Vertrakt ist auch, dass sich Besucher im Foyer für einen von insgesamt vier Fahrstühlen entscheiden müssen. Nur wer einen ausgewählt hat, merkt, dass er ausgerechnet in dem steht, der nur bis in den 3. Stock und damit bis zum Raum der Stille fährt. Ortskundige wissen sicher inzwischen, dass nur ein Aufzug direkt unter der Spitze Halt macht. Die anderen steigen in Etage 6 aus, um die letzten Stufen bis in den 7. Stock zu Fuß zu bewältigen.

Auf ins Audimax. Der Vorzeige-Veranstaltungsraum der Universität soll auch als Hörsaal genutzt werden, wer diesen Saal schon mal von innen gesehen hat, fragt sich jedoch, wie dort eine Vorlesung abgehalten werden soll. Ein Blick auf den Belegungsplan, der draußen vor der Tür an der Wand hängt, verrät: Im laufenden Wintersemester soll dort nur eine einzige Lehrveranstaltung stattgefunden haben, montags um die Mittagszeit. Eine weitere Erkenntnis bringt das Probesitzen in den Rängen. Die Tische, die ausschließlich für Rechtshänder an den Klappsesseln montiert wurden, sind viel zu klein. Gerade einmal ein Block der Größe A5 findet darauf Platz. Ein Laptop? Keine Chance.

Geplante Cafeteria wird als Lagerfläche genutzt

Wer während des Rundgangs hungrig oder durstig wird, hat Pech. Er muss das Gebäude hinter sich lassen, einen Bäcker oder ein Café ansteuern. Die geplante Cafeteria mit 200 Sitzplätzen besteht bislang aus einem großen Raum, der als Lagerfläche genutzt wird. Es heißt, etwaige Ausschreibungen für einen Betreiber seien bislang erfolglos geblieben. Tische und Stühle stapeln sich, aufgerollte Kabel lugen aus dem Boden hervor. In der gläsernen Spitze hat sich eine Arbeitsgruppe eingerichtet. Immerhin: Ein Schild trägt neben der Raumnummer 51 die Aufschrift „Cafeteria“.
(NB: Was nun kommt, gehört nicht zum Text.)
(* Let $\rho^{AB}=\frac14\big(\mathbb{I}\otimes\mathbb{I}+\vec x\cdot\vec\sigma\otimes\mathbb{I}+\sum_{i=1}^3 t_i\,\sigma_i\otimes\sigma_i\big)$ be a two-qubit density matrix (i.e. $\vec y=0$) with $\vec x\in\mathbb{R}^3$ and $T=\mathrm{diag}\{t_1,t_2,t_3\}$ satisfying $T^t\vec x=0$. Then $$\min_{\{\Pi_k^B\}}S(\rho^A|\{\Pi_k^B\})=h_2\!\left(\frac{1+\sqrt{|\vec x|^2+t_{\max}^2}}{2}\right),\qquad t_{\max}=\max\{|t_1|,|t_2|,|t_3|\},$$ the minimum being over all von Neumann measurements on qubit $B$, and it is attained when the measurement direction $\hat n$ is an eigenvector of $T^tT$ for its largest eigenvalue $t_{\max}^2$.
   Context: $\sigma_i$ are the Pauli matrices, $\vec a\cdot\vec\sigma=\sum_i a_i\sigma_i$. A von Neumann measurement on $B$ with direction $\hat n$ (unit vector in $\mathbb{R}^3$) is $\Pi_k^B=\frac12(\mathbb{I}\pm\hat n\cdot\vec\sigma)$, $k=0,1$; $p_k=\mathrm{Tr}[(\mathbb{I}\otimes\Pi_k^B)\rho^{AB}(\mathbb{I}\otimes\Pi_k^B)]$, $\rho^A_k=\mathrm{Tr}_B[(\mathbb{I}\otimes\Pi_k^B)\rho^{AB}(\mathbb{I}\otimes\Pi_k^B)]/p_k$, and $S(\rho^A|\{\Pi_k^B\})=\sum_kp_kS(\rho^A_k)$ with $S(\rho)=-\mathrm{Tr}(\rho\log_2\rho)$. $h_2(x)=-x\log_2x-(1-x)\log_2(1-x)$. *)

From HB Require Import structures.
From mathcomp Require Import all_boot all_order all_algebra.
From mathcomp Require Import complex mxtens.
From mathcomp Require Import reals exp.

Set Implicit Arguments.
Unset Strict Implicit.
Unset Printing Implicit Defensive.

Import Order.TTheory GRing.Theory Num.Theory.
Local Open Scope ring_scope.

Section QDefs.
Variable R : realType.
Local Notation C := R[i].

Definition RtoC (a : R) : C := Complex a 0.

Definition adjmx {m n} (A : 'M[C]_(m, n)) : 'M[C]_(n, m) := map_mx (@conjc R) A^T.

(* Pauli matrices sigma_1, sigma_2, sigma_3, indexed by 'I_3 = {0,1,2} *)
Definition pauli (k : 'I_3) : 'M[C]_2 :=
  \matrix_(a < 2, b < 2)
    match nat_of_ord k with
    | 0 => if a != b then 1 else 0
    | 1 => if a == b then 0 else
             (if (nat_of_ord a == 0)%N then Complex 0 (-1) else Complex 0 1)
    | _ => if a == b then (if (nat_of_ord a == 0)%N then 1 else -1) else 0
    end.

Definition dot_sigma (a : 'cV[R]_3) : 'M[C]_2 :=
  \sum_(k < 3) RtoC (a k 0) *: pauli k.

Definition rhoAB (x t : 'cV[R]_3) : 'M[C]_(2 * 2) :=
  RtoC (4%:R^-1) *:
    ((1 : 'M[C]_2) *t (1 : 'M[C]_2) + dot_sigma x *t (1 : 'M[C]_2)
     + \sum_(k < 3) RtoC (t k 0) *: (pauli k *t pauli k)).

Definition is_density_matrix {n} (rho : 'M[C]_n) : Prop :=
  [/\ adjmx rho = rho,
      (forall v : 'cV[C]_n, 0 <= (adjmx v *m rho *m v) 0 0)
    & \tr rho = 1].

Definition projB (n : 'cV[R]_3) (k : 'I_2) : 'M[C]_2 :=
  RtoC (2%:R^-1) *: (1 + ((-1) ^+ k) *: dot_sigma n).

Definition post_meas (rho : 'M[C]_(2 * 2)) (n : 'cV[R]_3) (k : 'I_2) : 'M[C]_(2 * 2) :=
  ((1 : 'M[C]_2) *t projB n k) *m rho *m ((1 : 'M[C]_2) *t projB n k).

Definition ptraceB (M : 'M[C]_(2 * 2)) : 'M[C]_2 :=
  \matrix_(i < 2, j < 2) \sum_(l < 2) M (mxtens_index (i, l)) (mxtens_index (j, l)).

(* p_k = Tr[...] (a real number for a density matrix; we take its real part) *)
Definition meas_prob (rho : 'M[C]_(2 * 2)) (n : 'cV[R]_3) (k : 'I_2) : R :=
  complex.Re (\tr (post_meas rho n k)).

Definition cond_stateA (rho : 'M[C]_(2 * 2)) (n : 'cV[R]_3) (k : 'I_2) : 'M[C]_2 :=
  RtoC ((meas_prob rho n k)^-1) *: ptraceB (post_meas rho n k).

(* base-2 logarithm; note ln 0 = 0 in mathcomp-analysis, so x log2 x = 0 at x = 0 *)
Definition log2 (x : R) : R := ln x / ln 2.

Definition h2 (x : R) : R := - x * log2 x - (1 - x) * log2 (1 - x).

Definition eigenvalues {n} (A : 'M[C]_n) : seq C :=
  sval (closed_field_poly_normal (char_poly A)).

(* von Neumann entropy S(rho) = -Tr(rho log2 rho) = - sum_lambda lambda log2 lambda
   over the eigenvalues of the (Hermitian) matrix rho *)
Definition vN_entropy {n} (rho : 'M[C]_n) : R :=
  - \sum_(z <- eigenvalues rho) (complex.Re z * log2 (complex.Re z)).

Definition cond_entropy (rho : 'M[C]_(2 * 2)) (n : 'cV[R]_3) : R :=
  \sum_(k < 2) meas_prob rho n k * vN_entropy (cond_stateA rho n k).

Definition sqnorm3 (a : 'cV[R]_3) : R := \sum_(k < 3) a k 0 ^+ 2.

Definition is_unit3 (a : 'cV[R]_3) : Prop := sqnorm3 a = 1.

Definition tmax (t : 'cV[R]_3) : R :=
  Num.max `|t 0 0| (Num.max `|t 1 0| `|t 2%:R 0|).

End QDefs.

(** Measuring [B] along a unit vector [n] leaves [A], with probability [1/2]
    each, in the qubit state with Bloch vector [x + (-1)^k T n].  Because
    [T x = 0] these two vectors have squared length [|x|^2 + |T n|^2], and a
    qubit state with Bloch vector [w] has eigenvalues [(1 +- |w|) / 2], so the
    conditional entropy is [h2 ((1 + sqrt (|x|^2 + |T n|^2)) / 2)].  This is
    decreasing in [|T n|], which is at most [t_max] for unit [n], with equality
    for the eigenvectors of [T^t T] of eigenvalue [t_max^2] (e.g. a coordinate
    vector [e_j] with [|t_j| = t_max]). *)

From HB Require Import structures.
From mathcomp Require Import all_boot all_order all_algebra.
From mathcomp Require Import complex mxtens.
From mathcomp Require Import reals exp.
From mathcomp Require Import ring lra.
Dazu sagt Pressesprecher Henning Zühlsdorff, dass die Leuphana Veranstaltungs- und Vermarktungsgesellschaft derzeit Gespräche mit möglichen Betreibern führe. „Der Beginn eines Cafeteria-Betriebs im Laufe des Wintersemesters wird angestrebt.“ Die Beschilderung bezeichnet er als „vorläufig. Die tatsächlichen Nutzererfahrungen werden wir in das endgültige Konzept integrieren“. Gefragt nach der Nutzung der 25 Seminarräume, sagt Zühlsdorff, dass diese während der Vorlesungszeit täglich gebucht würden.

Von Anna Paarmann

Auslastung

Veranstaltungen im Libeskind-Bau

„Mehr als 50 externe Veranstaltungen haben seit März 2017 stattgefunden oder sind bis zum Ende dieses Jahres geplant“, sagt Uni-Pressesprecher Henning Zühlsdorff, als er nach der Auslastung des Gebäudes gefragt wird. Der Raumbelegungsplan weise für diesen Zeitraum insgesamt rund 1000 interne und externe Termine aus, Lehrveranstaltungen ausgenommen. Bekanntlich muss die Leuphana jährlich mindestens 300.000 Euro an Mieteinnahmen generieren, indem sie Flächen im Zentralgebäude an Externe vermietet – und das eigentlich schon seit 2016. Das geht aus einer gutachterlichen Bewertung hervor, die der LZ vorliegt. Bis 2025 sollen die Flächen insgesamt 3 Millionen Euro einspielen.

Stadt und Kreis dürfen 30 Veranstaltungen mietfrei dort ausrichten, beteiligen sich dafür mit 7 Millionen Euro an den Baukosten. Nicht inbegriffen in der Vereinbarung sind die Betriebskosten. Stadtsprecherin Suzanne Moenck sagt, dass bis dato sieben Events über das kommunale Kontingent gelaufen seien. In diesem Jahr stünden noch drei Veranstaltungen an.